### Exercise objective
The result should consist solely of the line containing "by move=> Y;" and the lines that follow it below, each reproduced exactly, the last line included.

(Stored data)
Lemma daleth_star3 u v : u != 0%R -> v != 0%R -> (u + v)%R != 0%R -> daleth_star G 3.
Proof.
move=> u0 v0 uv0.
have opp_neq0 x : x != 0%R -> (- x)%R != 0%R by rewrite oppr_eq0.
have nz x : x != 0%R -> (0%R == x) = false by rewrite eq_sym => /negbTE.
have pair_atom x : x != 0%R -> atom (fseq2 x (- x)%R).
  move=> x0; apply: atom_of_seq_len_le3; rewrite ?seq_len_fseq2 //.
  - by rewrite /zero_sum sigma_fseq2 subrr.
  - by rewrite fseq2E !nz ?opp_neq0.
pose U := concat (fseq2 u v) (fseq1 (- (u + v))%R).
pose V := concat (fseq2 (- u)%R (- v)%R) (fseq1 (u + v)%R).
have Uat : atom U.
  apply: atom_of_seq_len_le3; rewrite ?seq_len_concat ?seq_len_fseq2 ?seq_len_fseq1 //.
  - by rewrite /zero_sum sigma_concat sigma_fseq2 sigma_fseq1 subrr.
  - by rewrite concatE fseq2E fseq1E !nz ?opp_neq0.
have Vat : atom V.
  apply: atom_of_seq_len_le3; rewrite ?seq_len_concat ?seq_len_fseq2 ?seq_len_fseq1 //.
  - by rewrite /zero_sum sigma_concat sigma_fseq2 sigma_fseq1 -opprD addNr.
  - by rewrite concatE fseq2E fseq1E !nz ?opp_neq0.
apply/daleth_starE; exists U, V; split => //.
- exists [:: fseq2 u (- u)%R; fseq2 v (- v)%R; fseq2 (u + v)%R (- (u + v))%R]; split => //.
    by move=> Y; rewrite !inE => /or3P[] /eqP->; apply: pair_atom.
  apply: fseq_ext => x; rewrite !concat_list_cons concat_list_nil !concatE fseq0E.
  by rewrite !fseq1E; lia.
- by move=> k Lk k2; have := lengths_atom_concat Uat Vat Lk; lia.
Qed.

End ZeroSumSequences.

Theorem proposition3p3 (G : finZmodType) :
  ((forall n, ~ daleth_star G n) <-> (#|G| <= 2)%N) /\
  ((3 <= #|G|)%N ->
     exists b : nat, (3 <= b)%N /\
       forall n : nat, daleth_star G n <-> (3 <= n <= b)%N).
Proof.
have daleth3 : 2 < #|G| -> daleth_star G 3.
  by move=> /card_gt2_nonzero_pair [u [v [u0 v0 uv0]]]; apply: daleth_star3 u0 v0 uv0.
split.
  split => [noD|G2 n]; last exact: daleth_star_card_le2.
  by rewrite leqNgt; apply/negP => /daleth3 /noD.
move=> G3; apply: (interval_of_pred_closed (M := 2 * (#|G| * #|G|)) (daleth3 G3)).
- by move=> n Dn; rewrite (daleth_star_ge3 Dn) (daleth_star_le Dn).
- by move=> n n4; apply: daleth_star_pred.
Qed.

### Response to this task
    by move=> Y; rewrite !inE => /or3P[] /eqP->; apply: pair_atom.
  apply: fseq_ext => x; rewrite !concat_list_cons concat_list_nil !concatE fseq0E.
  by rewrite !fseq1E; lia.
- by move=> k Lk k2; have := lengths_atom_concat Uat Vat Lk; lia.
Qed.

End ZeroSumSequences.

Theorem proposition3p3 (G : finZmodType) :
  ((forall n, ~ daleth_star G n) <-> (#|G| <= 2)%N) /\
  ((3 <= #|G|)%N ->
     exists b : nat, (3 <= b)%N /\
       forall n : nat, daleth_star G n <-> (3 <= n <= b)%N).
Proof.
have daleth3 : 2 < #|G| -> daleth_star G 3.
  by move=> /card_gt2_nonzero_pair [u [v [u0 v0 uv0]]]; apply: daleth_star3 u0 v0 uv0.
split.
  split => [noD|G2 n]; last exact: daleth_star_card_le2.
  by rewrite leqNgt; apply/negP => /daleth3 /noD.
move=> G3; apply: (interval_of_pred_closed (M := 2 * (#|G| * #|G|)) (daleth3 G3)).
- by move=> n Dn; rewrite (daleth_star_ge3 Dn) (daleth_star_le Dn).
- by move=> n n4; apply: daleth_star_pred.
Qed.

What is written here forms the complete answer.